Your goal »
Of all the entries below, retype only the lines from the one with "elim: N => [|N IH]; first by rewrite !big_ord0 mulr0." through the one with "rewrite dvdz_mul2l ?expf_neq0", exactly as they appear.

Given information »
+++

Lemma ffun_snoc_bij : bijective ffun_snoc.
Proof.
exists ffun_unsnoc => [[f t]|f].
- by congr pair; rewrite ?ffunE ?unlift_none //; apply/ffunP => j; rewrite !ffunE liftK.
- by apply/ffunP => i; rewrite ffunE; case: unliftP => [j ->|->]; rewrite ?ffunE.
Qed.

Lemma ffun_snoc_widen p (i : 'I_J) : ffun_snoc p (widen_ord (leqnSn J) i) = p.1 i.
Proof.
have -> : widen_ord (leqnSn J) i = lift ord_max i.
  by apply: val_inj; rewrite /= /bump leqNgt ltn_ord.
by rewrite ffunE liftK.
Qed.

Lemma ffun_snoc_max p : ffun_snoc p ord_max = p.2.
Proof. by rewrite ffunE unlift_none. Qed.

Lemma big_ffun_snoc R idx (op : Monoid.law idx) (F : nat -> T -> R) p :
  \big[op/idx]_(i < J.+1) F i (ffun_snoc p i) = op (\big[op/idx]_(i < J) F i (p.1 i)) (F J p.2).
Proof.
rewrite big_ord_recr ffun_snoc_max; congr (op _ _).
by apply: eq_bigr => i _; rewrite ffun_snoc_widen.
Qed.

Lemma sum_ffun_snoc (V : nmodType) (G : {ffun 'I_J.+1 -> T} -> V) :
  \sum_f G f = \sum_(f : {ffun 'I_J -> T}) \sum_(t : T) G (ffun_snoc (f, t)).
Proof.
rewrite (reindex ffun_snoc); last exact/onW_bij/ffun_snoc_bij.
by rewrite (pair_bigA _ (fun f t => G (ffun_snoc (f, t)))).
Qed.

End FfunSnoc.

Lemma multinomial_sumS x s k J : multinomial_sum x s k J.+1 =
  \sum_(t < 4) (if (t <= s)%N && (J * t <= k)%N then
      'C(s, t)%:Z * (x J)%:Z ^+ t * multinomial_sum x (s - t) (k - J * t) J else 0).
Proof.
rewrite /multinomial_sum big_mkcond sum_ffun_snoc exchange_big /=; apply: eq_bigr => t _.
under eq_bigr => f _ do rewrite (big_ffun_snoc addn (fun _ (v : 'I_4) => v : nat))
  (big_ffun_snoc addn (fun i (v : 'I_4) => i * v)%N) (big_ffun_snoc muln (fun _ (v : 'I_4) => v`!))
  (big_ffun_snoc *%R (fun i (v : 'I_4) => (x i)%:Z ^+ v)) /=.
case: ifP => [/andP[ts jk] | tsk]; last first.
  apply: big1 => f _; case: ifP => // /andP[/eqP Es /eqP Ek].
  by move: tsk; rewrite -Es -Ek !leq_addl.
rewrite mulr_sumr [RHS]big_mkcond; apply: eq_bigr => f _.
rewrite -(eqn_add2r t _ (s - t)) -(eqn_add2r (J * t) _ (k - J * t)) !subnK //.
case: ifP => // /andP[/eqP Es _].
rewrite divn_fact_mul -?Es ?addnK ?prod_fact_dvdn_fact_sum ?leq_addl // PoszM; ring.
Qed.

Lemma multinomial_sum0 x s k : multinomial_sum x s k 0 = ((s == 0%N) && (k == 0%N))%:R.
Proof.
rewrite /multinomial_sum.
under eq_bigl => mu do rewrite !big_ord0 ![(0 == _)%N]eq_sym.
under eq_bigr => mu _ do rewrite !big_ord0 divn1 mulr1.
case: andP => [[/eqP-> _]|_]; last by rewrite big_pred0.
by rewrite big_const card_ffun !card_ord.
Qed.

(* Only the exponents s <= 3 are covered, as the multi-indices range over 'I_4. *)
Lemma coef_digitp_exp x J s k : (s <= 3)%N ->
  ((digitp x J) ^+ s)`_k = multinomial_sum x s k J.
Proof.
elim: J s k => [|J IH] s k s_le3.
  rewrite multinomial_sum0 /digitp big_ord0 expr0n.
  by case: s {s_le3} => [|s]; rewrite ?coef1 ?coef0.
rewrite digitpS exprDn coef_sum multinomial_sumS.
rewrite (big_ord_widen 4 (fun t =>
  ((digitp x J ^+ (s - t) * ((x J)%:Z *: 'X^J) ^+ t) *+ 'C(s, t))`_k)) //.
rewrite big_mkcond /=; apply: eq_bigr => t _.
rewrite ltnS; case: (leqP t s) => ts //=.
rewrite coefMn exprZn -exprM -scalerAr coefZ coefMXn.
case: (leqP (J * t) k) => jk; last by rewrite mulr0 mul0rn.
rewrite IH ?(leq_trans (leq_subr _ _)) //.
by rewrite -mulr_natl mulrA natz.
Qed.

Lemma Pkj_coef x k j : Pkj k j x = ((digitp x j) ^+ 3)`_k.
Proof.
rewrite coef_digitp_exp // /Pkj /multinomial_sum; apply: eq_bigl => mu.
by congr (_ && (_ == _)); rewrite big_mkcond; apply: eq_bigr => -[[|i] hi].
Qed.

Lemma dvdz_sum_tail (d : int) (F : nat -> int) n N : (n <= N)%N ->
  (forall i, (n <= i)%N -> (d %| F i)%Z) ->
  (d %| \sum_(i < N) F i - \sum_(i < n) F i)%Z.
Proof.
move=> le_nN dvdF; rewrite -!(big_mkord xpredT) (big_cat_nat _ le_nN) //= addrC addrK.
by rewrite big_nat_cond; apply: rpred_sum => i /andP[/andP[/dvdF]].
Qed.

Lemma dvdz_horner_trunc (p : {poly int}) (c : int) N :
  (c ^+ N %| p.[c] - \sum_(i < N) p`_i * c ^+ i)%Z.
Proof.
rewrite (@horner_coef_wide _ (maxn N (size p))) ?leq_maxr //.
apply: (@dvdz_sum_tail _ (fun i => p`_i * c ^+ i)); first exact: leq_maxl.
by move=> i le_Ni; apply/dvdz_mull/dvdz_exp2l.
Qed.

Lemma take_digitp x n N : (n <= N)%N -> take_poly n (digitp x N) = digitp x n.
Proof.
move=> le_nN; apply/polyP => i; rewrite coef_take_poly !coef_digitp.
by case: ltnP => // lt_in; rewrite (leq_trans lt_in).
Qed.

Lemma coef_digitp_cube x n N k : (k < n <= N)%N ->
  ((digitp x N) ^+ 3)`_k = ((digitp x n) ^+ 3)`_k.
Proof.
case/andP=> lt_kn le_nN; rewrite -(poly_take_drop n (digitp x N)) take_digitp //.
set A := digitp x n; set S := drop_poly n _.
have -> : (A + S * 'X^n) ^+ 3 =
    A ^+ 3 + (A ^+ 2 * S *+ 3 + A * S ^+ 2 * 'X^n *+ 3 + S ^+ 3 * 'X^n * 'X^n) * 'X^n.
  by rewrite !exprS expr0; ring.
by rewrite coefD coefMXn lt_kn addr0.
Qed.

Definition cube_coef x k : int := ((digitp x k.+1) ^+ 3)`_k.

Definition cube_carry (x : nat -> nat) k : int :=
  let X i := (x i)%:Z in
  if k == 0%N then 0 else if k == 1%N then X 0%N ^+ 2 * X 1%N
  else if k == 2%N then X 0%N ^+ 2 * X 2%N + X 0%N * X 1%N ^+ 2
  else X 0%N ^+ 2 * X k + 2 * X 0%N * X 1%N * X k.-1.

Definition cube_local (x : nat -> nat) k : int :=
  if k == 0%N then (x 0%N)%:Z ^+ 3 else if (k <= 2)%N then 0 else Pkj k k.-1 x.

Lemma cube_coef_small x k : (k <= 2)%N -> cube_coef x k = 3 * cube_carry x k + cube_local x k.
Proof.
rewrite /cube_coef /cube_carry /cube_local.
case: k => [|[|[|k]]] // _ /=; rewrite !exprS expr0 mulr1 !coefM !big_ord_recr !big_ord0 /=;
  rewrite ?coefM !big_ord_recr ?big_ord0 /= !coef_digitp /=; ring.
Qed.

(* Write x_0 + ... + x_k t^k = Q + V t^(k-1) with size Q = k - 1: as 2(k-1) > k,
   only Q^3 and 3 Q^2 V t^(k-1) reach t^k. *)
Lemma cube_coef_large x k : (3 <= k)%N -> cube_coef x k = 3 * cube_carry x k + cube_local x k.
Proof.
case: k => [|[|[|j]]] // _; rewrite /cube_coef /cube_carry /cube_local /= Pkj_coef.
rewrite (digitpS x j.+3) (digitpS x j.+2).
set Q := digitp x j.+2; set V : {poly int} := (x j.+2)%:Z%:P + (x j.+3)%:Z *: 'X.
have -> : Q + (x j.+2)%:Z *: 'X^(j.+2) + (x j.+3)%:Z *: 'X^(j.+3) = Q + V * 'X^(j.+2).
  by rewrite /V mulrDl mul_polyC -scalerAl -exprS addrA.
have -> : (Q + V * 'X^(j.+2)) ^+ 3 = Q ^+ 3 + Q ^+ 2 * V *+ 3 * 'X^(j.+2) +
     (Q * V ^+ 2 *+ 3 + V ^+ 3 * 'X^(j.+2)) * 'X^(j.+2 + j.+2).
  by rewrite exprD !exprS expr0; ring.
rewrite !coefD !coefMXn ltnNge leqW //= ifT; last by lia.
rewrite subSn // subnn addr0 coefMn !exprS expr0 mulr1 !coefM !big_ord_recr !big_ord0 /=.
rewrite !coefM !big_ord_recr !big_ord0 /= !coef_digitp /= !coefD !coefC !coefZ !coefX /=.
ring.
Qed.

Lemma cube_coefE x k : cube_coef x k = 3 * cube_carry x k + cube_local x k.
Proof. by case: (leqP k 2) => [/cube_coef_small | /cube_coef_large]. Qed.

Lemma dvdz_cube_trunc3 x N :
  (3 ^+ N %| trunc3 x N ^+ 3 - \sum_(k < N) (cube_carry x k.-1 + cube_local x k) * 3 ^+ k)%Z.
Proof.
have telescope : \sum_(k < N) cube_coef x k * 3 ^+ k =
    \sum_(k < N) (cube_carry x k.-1 + cube_local x k) * 3 ^+ k + cube_carry x N.-1 * 3 ^+ N.
  elim: N => [|N IH]; first by rewrite !big_ord0 /cube_carry /= mul0r addr0.
  by rewrite !big_ord_recr /= IH cube_coefE exprS; ring.
rewrite -horner_digitp -horner_exp.
rewrite (canRL (addrK _) (esym telescope)) opprB addrCA rpredD ?dvdz_mull //.
rewrite (eq_bigr (fun k : 'I_N => ((digitp x N) ^+ 3)`_k * 3 ^+ k)); last first.
  by move=> k _; rewrite /cube_coef (@coef_digitp_cube x k.+1 N) ?ltnSn ?ltn_ord.
exact: dvdz_horner_trunc.
Qed.

Definition convol (a x : nat -> nat) j : int :=
  \sum_(i < j.+1) (x (j - i)%N)%:Z * (a i)%:Z.

Lemma coef_digitp_mul a x N i : (i < N)%N -> (digitp a N * digitp x N)`_i = convol a x i.
Proof.
move=> lt_iN; rewrite coefM; apply: eq_bigr => j _; rewrite !coef_digitp mulrC.
by rewrite !(leq_ltn_trans _ lt_iN) ?leq_subr // -ltnS.
Qed.

Lemma sum_shift_exp (R : comPzRingType) (c : R) (F : nat -> R) m N :
  \sum_(k < N) (if (m <= k)%N then F (k - m)%N else 0) * c ^+ k =
  c ^+ m * \sum_(i < N - m) F i * c ^+ i.
Proof.
elim: N => [|N IH]; first by rewrite !big_ord0 mulr0.
rewrite big_ord_recr /= IH; case: (leqP m N) => [le_mN | lt_Nm].
  by rewrite subSn // big_ord_recr mulrDr /= mulrCA -exprD subnKC.
by rewrite mul0r addr0 (_ : N.+1 - m = N - m)%N //; lia.
Qed.

Lemma dvdz_linear_trunc3 m a x N :
  (3 ^+ N %| 3 ^+ m * trunc3 a N * trunc3 x N -
     \sum_(k < N) (if (m <= k)%N then convol a x (k - m) else 0) * 3 ^+ k)%Z.
Proof.
rewrite sum_shift_exp -mulrA -mulrBr.
apply: (@dvdz_trans (3 ^+ m * 3 ^+ (N - m))); first by rewrite -exprD dvdz_exp2l //; lia.
rewrite dvdz_mul2l ?expf_neq0 // -!horner_digitp -hornerM.
rewrite (eq_bigr (fun i : 'I_(N - m) => (digitp a N * digitp x N)`_i * 3 ^+ i)).
  exact: dvdz_horner_trunc.
by move=> i _; rewrite coef_digitp_mul // (leq_trans (ltn_ord i)) ?leq_subr.
Qed.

+++

Exercise response »
elim: N => [|N IH]; first by rewrite !big_ord0 mulr0.
rewrite big_ord_recr /= IH; case: (leqP m N) => [le_mN | lt_Nm].
  by rewrite subSn // big_ord_recr mulrDr /= mulrCA -exprD subnKC.
by rewrite mul0r addr0 (_ : N.+1 - m = N - m)%N //; lia.
Qed.

Lemma dvdz_linear_trunc3 m a x N :
  (3 ^+ N %| 3 ^+ m * trunc3 a N * trunc3 x N -
     \sum_(k < N) (if (m <= k)%N then convol a x (k - m) else 0) * 3 ^+ k)%Z.
Proof.
rewrite sum_shift_exp -mulrA -mulrBr.
apply: (@dvdz_trans (3 ^+ m * 3 ^+ (N - m))); first by rewrite -exprD dvdz_exp2l //; lia.
rewrite dvdz_mul2l ?expf_neq0 // -!horner_digitp -hornerM.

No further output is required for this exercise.